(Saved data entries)
══════════════════════════════
Lemma blockwiseM : {in [set: {perm I} * {perm I}] &, {morph blockwise : s t / s * t}}.
Proof.
move=> s t _ _; apply/permP => e.
rewrite permM !blockwiseE /blockwise_fun side_decode slot_decode /=.
by case: (side e); rewrite permM.
Qed.

Canonical blockwise_morphism := Morphism blockwiseM.

Lemma injm_blockwise : 'injm blockwise_morphism.
Proof.
apply/injmP => -[s1 s2] [t1 t2] _ _ /= eq_st.
have slot_eq b i : slot (blockwise (s1, s2) (decode (b, i)))
                 = slot (blockwise (t1, t2) (decode (b, i))) by rewrite eq_st.
congr pair; apply/permP => i; [have := slot_eq true i | have := slot_eq false i];
  by rewrite !blockwiseE /blockwise_fun side_decode !slot_decode.
Qed.

Definition side_fixing := (blockwise_morphism @* [set: {perm I} * {perm I}])%G.

Lemma side_fixing_isog : side_fixing \isog [set: {perm I} * {perm I}].
Proof. by rewrite isog_sym sub_isog ?injm_blockwise. Qed.

Lemma mem_side_fixing (g : {perm X}) : (g \in side_fixing) = [forall e, side (g e) == side e].
Proof.
apply/idP/forallP => [/morphimP [s _ _ ->] e | side_g].
  by rewrite /= blockwiseE side_decode.
have g_decode b i : g (decode (b, i)) = decode (b, slot (g (decode (b, i)))).
  by rewrite -{1}(decode_side_slot (g _)) (eqP (side_g _)) side_decode.
have slot_inj b : injective (fun i => slot (g (decode (b, i)))).
  move=> i1 i2 slot_eq; apply: (can_inj (@slot_decode b)); apply: (@perm_inj _ g).
  by rewrite g_decode slot_eq -g_decode.
have -> : g = blockwise (perm (slot_inj true), perm (slot_inj false)).
  apply/permP => e; rewrite blockwiseE /blockwise_fun -{1}(decode_side_slot e) g_decode.
  by case: (side e); rewrite permE.
by rewrite mem_morphim ?inE.
Qed.

Definition side_swap_fun (e : X) : X := decode (~~ side e, slot e).
(* Let $A$ be a finite alphabet and let $Z\subseteq A^+$ be a code all of whose words have length at least $2$. If all words of $Z$ begin with the same letter of $A$, or all words of $Z$ end with the same letter of $A$, then $Z$ is an alt-induced code.
   Context: $A^+$ is the set of non-empty words over $A$. A set $Z\subseteq A^+$ is a code if every word admits at most one factorization into words of $Z$. For non-empty $X,Y\subseteq A^+$, $(X,Y)$ is an alternative code if no word of $A^+$ admits two different similar alternative factorizations on $(X,Y)$, where an alternative factorization is a factorization $u_1\cdots u_n$ ($n\ge 2$, $u_i\in X\cup Y$) with consecutive factors alternating between $X$ and $Y$, and two are similar if they begin in the same set and end in the same set; equivalently, $XY$ is a code and each $z\in XY$ has exactly one pair $(x,y)\in X\times Y$ with $z=xy$. $Z$ is an alt-induced code if $Z=XY$ for some alternative code $(X,Y)$. *)

From mathcomp Require Import all_boot.
Set Implicit Arguments. Unset Strict Implicit. Unset Printing Implicit Defensive.

Section Words.
Variable A : finType.

Definition lang := seq A -> Prop.

Definition in_plus (Z : lang) : Prop := forall w, Z w -> w <> [::].

Definition factors_in (Z : lang) (l : seq (seq A)) : Prop :=
  forall u, u \in l -> Z u.

Definition is_code (Z : lang) : Prop :=
  in_plus Z /\
  forall l1 l2 : seq (seq A),
    factors_in Z l1 -> factors_in Z l2 -> flatten l1 = flatten l2 -> l1 = l2.

Fixpoint alt_fac (X Y : lang) (b : bool) (l : seq (seq A)) : Prop :=
  match l with
  | [::] => True
  | u :: l' => (if b then X u else Y u) /\ alt_fac X Y (~~ b) l'
  end.

(* label (true = X, false = Y) of the set containing the last factor of an
   alternating factorization starting in set b *)
Definition end_label (b : bool) (l : seq (seq A)) : bool :=
  if odd (size l) then b else ~~ b.

Definition alt_code (X Y : lang) : Prop :=
  (exists x, X x) /\ (exists y, Y y) /\ in_plus X /\ in_plus Y /\
  forall (b : bool) (l1 l2 : seq (seq A)),
    2 <= size l1 -> 2 <= size l2 ->
    alt_fac X Y b l1 -> alt_fac X Y b l2 ->
    end_label b l1 = end_label b l2 ->
    flatten l1 = flatten l2 -> l1 = l2.

Definition prod_lang (X Y : lang) : lang :=
  fun w => exists x y, X x /\ Y y /\ w = x ++ y.

Definition alt_induced (Z : lang) : Prop :=
  exists X Y : lang, alt_code X Y /\ forall w, Z w <-> prod_lang X Y w.

End Words.

From mathcomp Require Import all_boot.
Set Implicit Arguments. Unset Strict Implicit. Unset Printing Implicit Defensive.

(* If all words of Z begin with the letter a, then Z = {a} Y with Y = a^-1 Z, and
   symmetrically Z = X {a} when they all end with a.  When one side of the product
   is a single word the product is unambiguous, so an alternating factorization of
   even length starting in X is, after grouping consecutive factors in pairs, a
   factorization over the code XY, hence determined by its flattening.  Every other
   kind of alternating factorization is brought to that one by adding or removing
   a factor equal to the single word. *)

Section Cancel.
Variable T : Type.

Lemma catsI (s : seq T) : injective (cat s).
Proof. by move=> u v /(congr1 (drop (size s))); rewrite !drop_size_cat. Qed.

Lemma catIs (s : seq T) : injective (cat^~ s).
Proof.
move=> u v /(congr1 rev); rewrite !rev_cat => /catsI /(congr1 rev).
by rewrite !revK.
Qed.

End Cancel.

Section Alternating.
Variables (A : finType) (X Y : lang A).

Definition unambiguous_prod : Prop :=
  forall x x' y y', X x -> X x' -> Y y -> Y y' ->
    x ++ y = x' ++ y' -> x = x' /\ y = y'.

Lemma alt_fac_rcons b l u :
  alt_fac X Y b (rcons l u) <->
  alt_fac X Y b l /\ (if (if odd (size l) then ~~ b else b) then X u else Y u).
Proof.
elim: l b => [|v l IH] b /=; first tauto.
by have := IH (~~ b); case: (odd (size l)); case: b => /=; tauto.
Qed.

Lemma end_label_odd b (l1 l2 : seq (seq A)) :
  end_label b l1 = end_label b l2 -> odd (size l1) = odd (size l2).
Proof. by rewrite /end_label; case: b; do 2!case: odd. Qed.

Fixpoint pair_up (l : seq (seq A)) : seq (seq A) :=
  if l is x :: y :: r then (x ++ y) :: pair_up r else [::].

Lemma flatten_pair_up l : ~~ odd (size l) -> flatten (pair_up l) = flatten l.
Proof.
have [n] := ubnP (size l); elim: n l => // n IH [|x [|y r]] //= /ltnW Hr.
by rewrite negbK => /(IH r Hr) ->; rewrite catA.
Qed.

Lemma pair_up_in_prod l :
  alt_fac X Y true l -> factors_in (prod_lang X Y) (pair_up l).
Proof.
have [n] := ubnP (size l); elim: n l => // n IH [|x [|y r]] //= /ltnW Hr.
move=> [Xx [Yy Hr']] u; rewrite inE => /predU1P [-> | /(IH r Hr Hr') //].
by exists x, y.
Qed.

Lemma pair_up_inj l1 l2 :
  unambiguous_prod -> alt_fac X Y true l1 -> alt_fac X Y true l2 ->
  ~~ odd (size l1) -> ~~ odd (size l2) -> pair_up l1 = pair_up l2 -> l1 = l2.
Proof.
move=> unamb; have [n] := ubnP (size l1).
elim: n l1 l2 => // n IH [|x [|y r]] [|x' [|y' r']] //= /ltnW Hr.
rewrite !negbK => [[Xx [Yy Hr1]] [Xx' [Yy' Hr2]] Or Or' [Exy Er]].
have [-> ->] := unamb _ _ _ _ Xx Xx' Yy Yy' Exy.
by rewrite (IH r r').
Qed.

Lemma alt_fac_even_inj l1 l2 :
  is_code (prod_lang X Y) -> unambiguous_prod ->
  alt_fac X Y true l1 -> alt_fac X Y true l2 ->
  ~~ odd (size l1) -> ~~ odd (size l2) -> flatten l1 = flatten l2 -> l1 = l2.
Proof.
move=> [_ code] unamb H1 H2 O1 O2 Ef.
apply: pair_up_inj => //; apply: code; try exact: pair_up_in_prod.
by rewrite !flatten_pair_up.
Qed.

Definition alt_fac_inj (b : bool) : Prop :=
  forall l1 l2, alt_fac X Y b l1 -> alt_fac X Y b l2 ->
    odd (size l1) = odd (size l2) -> flatten l1 = flatten l2 -> l1 = l2.

Lemma alt_codeP :
  (exists x, X x) -> (exists y, Y y) -> in_plus X -> in_plus Y ->
  alt_fac_inj true -> alt_fac_inj false -> alt_code X Y.
Proof.
move=> neX neY pX pY injX injY; do 4!split => //.
move=> [] l1 l2 _ _ H1 H2 /end_label_odd; [exact: injX | exact: injY].
Qed.

End Alternating.

Section SingleWord.
Variable A : finType.

Definition lang1 (u : seq A) : lang A := fun w => w = u.

Lemma alt_code_lang1l (x0 : seq A) (Y : lang A) :
  x0 <> [::] -> (exists y, Y y) -> in_plus Y ->
  is_code (prod_lang (lang1 x0) Y) -> alt_code (lang1 x0) Y.
Proof.
move=> nz0 neY pY code.
have unamb : unambiguous_prod (lang1 x0) Y by move=> x x' y y' -> -> _ _ /catsI.
have even_inj := alt_fac_even_inj code unamb.
have injX : alt_fac_inj (lang1 x0) Y true.
  move=> l1 l2 H1 H2 Eo Ef; case O1: (odd (size l1)); last first.
    by apply: even_inj; rewrite // -?Eo O1.
  have {Eo} O2 : odd (size l2) by rewrite -Eo.
  (* an odd factorization starting in X ends with the factor x0: strip it *)
  move: H1 H2 Ef O1 O2; case/lastP: l1 => [|r1 u1] //; case/lastP: l2 => [|r2 u2] //.
  rewrite !size_rcons /= => /alt_fac_rcons [H1] + /alt_fac_rcons [H2] + + O1 O2.
  rewrite (negbTE O1) (negbTE O2) /lang1 => -> ->.
  rewrite !flatten_rcons => /catIs Ef.
  by rewrite (even_inj r1 r2).
apply: alt_codeP => //; first by exists x0.
  by move=> x ->.
move=> l1 l2 H1 H2 Eo Ef.
have : x0 :: l1 = x0 :: l2 by apply: injX => //=; rewrite ?Eo ?Ef.
by case.
Qed.

Lemma alt_code_lang1r (X : lang A) (y0 : seq A) :
  y0 <> [::] -> (exists x, X x) -> in_plus X ->
  is_code (prod_lang X (lang1 y0)) -> alt_code X (lang1 y0).
Proof.
move=> nz0 neX pX code.
have unamb : unambiguous_prod X (lang1 y0) by move=> x x' y y' _ _ -> -> /catIs.
have even_inj := alt_fac_even_inj code unamb.
have injX : alt_fac_inj X (lang1 y0) true.
  move=> l1 l2 H1 H2 Eo Ef; case O1: (odd (size l1)); last first.
    by apply: even_inj; rewrite // -?Eo O1.
  (* complete an odd factorization starting in X by the factor y0 *)
  apply: (@rcons_injl _ y0); apply: even_inj.
  - by apply/alt_fac_rcons; rewrite O1.
  - by apply/alt_fac_rcons; rewrite -Eo O1.
  - by rewrite size_rcons /= O1.
  - by rewrite size_rcons /= -Eo O1.
  - by rewrite !flatten_rcons Ef.
apply: alt_codeP => //; first by exists y0.
  by move=> y ->.
have nil_neq_y0_cat s : [::] <> y0 ++ s by case: (y0) nz0.
move=> [|u1 r1] [|u2 r2] //=.
- by move=> _ [-> _] _ /nil_neq_y0_cat.
- by move=> [-> _] _ _ /esym /nil_neq_y0_cat.
move=> [-> H1] [-> H2] /negb_inj Eo /catsI Ef.
by rewrite (injX r1 r2).
Qed.

End SingleWord.

Lemma is_code_eq (A : finType) (Z Z' : lang A) :
  (forall w, Z w <-> Z' w) -> is_code Z -> is_code Z'.
Proof.
move=> EZ [pZ code]; split=> [w /EZ /pZ //|l1 l2 H1 H2].
by apply: code => // u; [move/H1 | move/H2] => /EZ.
Qed.

Theorem corollaryC (A : finType) (Z : seq A -> Prop) :
  is_code Z ->
  (exists z, Z z) ->
  (forall z, Z z -> 2 <= size z) ->
  ((exists a : A, forall z, Z z -> exists s, z = a :: s) \/
   (exists a : A, forall z, Z z -> exists s, z = rcons s a)) ->
  alt_induced Z.
Proof.
move=> code [z0 Zz0] long [[a Ha] | [a Ha]].
- pose Y (y : seq A) := Z (a :: y).
  have EZ w : Z w <-> prod_lang (lang1 [:: a]) Y w.
    split=> [Zw | [_ [y [-> [Yy ->]]]] //].
    by have [s Es] := Ha _ Zw; exists [:: a], s; rewrite /Y -Es.
  exists (lang1 [:: a]), Y; split=> //; apply: alt_code_lang1l => //.
  + by have [s Es] := Ha _ Zz0; exists s; rewrite /Y -Es.
  + by move=> y /long; case: y.
  + exact: is_code_eq code.
- pose X (x : seq A) := Z (rcons x a).
  have EZ w : Z w <-> prod_lang X (lang1 [:: a]) w.
    split=> [Zw | [x [_ [Xx [-> ->]]]]]; last by rewrite cats1.
    by have [s Es] := Ha _ Zw; exists s, [:: a]; rewrite /X cats1 -Es.
  exists X, (lang1 [:: a]); split=> //; apply: alt_code_lang1r => //.
  + by have [s Es] := Ha _ Zz0; exists s; rewrite /X -Es.
  + by move=> x /long; rewrite size_rcons => /[swap] ->.
  + exact: is_code_eq code.
Qed.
══════════════════════════════
▸ Task brief
Read the entries above and find each line holding the word "then". Copy it out.

▸ Task solution
(* Let $A$ be a finite alphabet and let $Z\subseteq A^+$ be a code all of whose words have length at least $2$. If all words of $Z$ begin with the same letter of $A$, or all words of $Z$ end with the same letter of $A$, then $Z$ is an alt-induced code.
  | u :: l' => (if b then X u else Y u) /\ alt_fac X Y (~~ b) l'
  if odd (size l) then b else ~~ b.
(* If all words of Z begin with the letter a, then Z = {a} Y with Y = a^-1 Z, and
  alt_fac X Y b l /\ (if (if odd (size l) then ~~ b else b) then X u else Y u).
  if l is x :: y :: r then (x ++ y) :: pair_up r else [::].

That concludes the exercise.